The MART Gallery curators Matthew Nevin & Ciara Scanlan are delighted to invite you to the preview ofActivating Pangea: Destroy These Walls at 6pm on July 8th at Arena 1 Gallery, Santa Monica LA.
Featuring new work from leading Irish contemporary visual artists, including live performances on the night by Cindy Rehm, Terence Erraught, Katherine Nolan, Thinh Nguyen, Meital Yaniv.
For the 3rd exhibition in the Activating Pangea series Destroy These Walls, curators Matthew Nevin & Ciara Scanlan ofThe MART Gallery Dublin Ireland, have curated a selection of artists to work under the parameters of risk, political agitation and ephemerality. Highlighting this impermanence any of the artworks which are not sold during the exhibition will be destroyed after closing. By encouraging participating artists to explore and reinvent material, technologies and methodologies, the curators have pushed for work that can provoke the limitations of the gallery environment, producing powerful, informative and experimental new work.
The curators encouraged the artists to be reactionary and politically engaged in their approach to their practice and tease out new radical ways of viewing and perceiving their art works. “There is something real in the illusion, more real than in the reality behind it” – Slavoj Žižek. This illusion acts as the power of the artist to present a world through an altered focus, to show the viewer aspects of the world that are warped and exposed. The artist – often working as the mirror for society – creates new dialogues that challenge conventional views on politics and culture, pushing for examination on our preconceived expectations of what contemporary art is and what relevance it has for the society we live in.
James L Hayes draws upon the material residues and traces of history, with interest in sites that possess a specific or significant history. Katherine Nolan explores tensions between the experiential and spectacular body. Margaret O’Brien’s work inhabits critical spaces of failure, malfunction, and slippage, and is explored through relationships between artist’s research, practice and outcome.

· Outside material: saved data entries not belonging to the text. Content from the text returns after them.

(* Let $N\ge0$ be an even integer and let $a=(a_0,a_1,\dots,a_N)\in\mathbb N^{N+1}$ satisfy $a_0\le a_1\le\dots\le a_N$, $a_0<a_2<a_4<\cdots$ and $a_1<a_3<a_5<\cdots$. Let $\mathcal J=\{i\in[0,N]: a_i$ appears exactly once in the sequence $a\}$; then $\mathcal J=\{i_0<i_1<\dots<i_{2M}\}$ for some $M\in\mathbb N$ with $i_s\equiv s\pmod 2$, and $i_{s+1}=i_s+2m_s+1$ with $m_s\in\mathbb N$ for $s\in[0,2M-1]$. Let $\mathcal E$ be the set of $b=(b_0,\dots,b_N)\in\mathbb N^{N+1}$ with $b_0<b_2<b_4<\cdots$, $b_1<b_3<b_5<\cdots$ and such that the multisets $\{b_0,\dots,b_N\}$ and $\{a_0,\dots,a_N\}$ coincide. For $b\in\mathcal E$ let $\hat b=(b_0,b_1+1,b_2+1,b_3+2,b_4+2,\dots,b_{N-1}+N/2,b_N+N/2)$, i.e. $\hat b_i=b_i+\lceil i/2\rceil$. For $X\subset\{1,3,\dots,2M-1\}$ define $a^X\in\mathcal E$ by: for $s\in X$, $(a^X_{i_s},a^X_{i_s+1},a^X_{i_s+2},a^X_{i_s+3},\dots,a^X_{i_s+2m_s},a^X_{i_s+2m_s+1})=(a_{i_s+1},a_{i_s},a_{i_s+3},a_{i_s+2},\dots,a_{i_s+2m_s+1},a_{i_s+2m_s})$, and $a^X_i=a_i$ for all other $i\in[0,N]$. If $b\in\mathcal E$ is such that the multiset $\{\hat b_0,\dots,\hat b_N\}$ equals the multiset $\{\hat a_0,\dots,\hat a_N\}$, then there exists $X\subset\{1,3,\dots,2M-1\}$ with $b=a^X$. *)

From mathcomp Require Export all_boot.
Set Implicit Arguments. Unset Strict Implicit. Unset Printing Implicit Defensive.

Definition step2_incr (s : seq nat) : Prop :=
  forall i, i.+2 < size s -> nth 0 s i < nth 0 s i.+2.

Definition Jseq (a : seq nat) : seq nat :=
  [seq i <- iota 0 (size a) | count_mem (nth 0 a i) a == 1].

Definition hat (b : seq nat) : seq nat :=
  [seq nth 0 b i + uphalf i | i <- iota 0 (size b)].

Definition in_block (J : seq nat) (i s : nat) : bool :=
  (nth 0 J s <= i) && (i <= nth 0 J s.+1).

(* a^X : for s in X, swap the pairs (i_s + 2k, i_s + 2k + 1), k = 0..m_s;
   other entries unchanged. *)
Definition aX (a : seq nat) (X : seq nat) : seq nat :=
  let J := Jseq a in
  [seq (let s := nth 0 X (find (in_block J i) X) in
        if has (in_block J i) X then
          (if ~~ odd (i - nth 0 J s) then nth 0 a i.+1 else nth 0 a i.-1)
        else nth 0 a i)
  | i <- iota 0 (size a)].

From mathcomp Require Import all_boot zify.

Set Implicit Arguments.
Unset Strict Implicit.
Unset Printing Implicit Defensive.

Steven Maybury appropriates found and sourced materials to be re-contextualised, and looks to defuse our obsession with archiving, security, permanency and preservation. Terence Erraught’ practice encompasses predominantly digital video, video installation and performative events with areas of exploration which include humour, everyday absurdities, site specific engagement and the incorporation of domestic objects.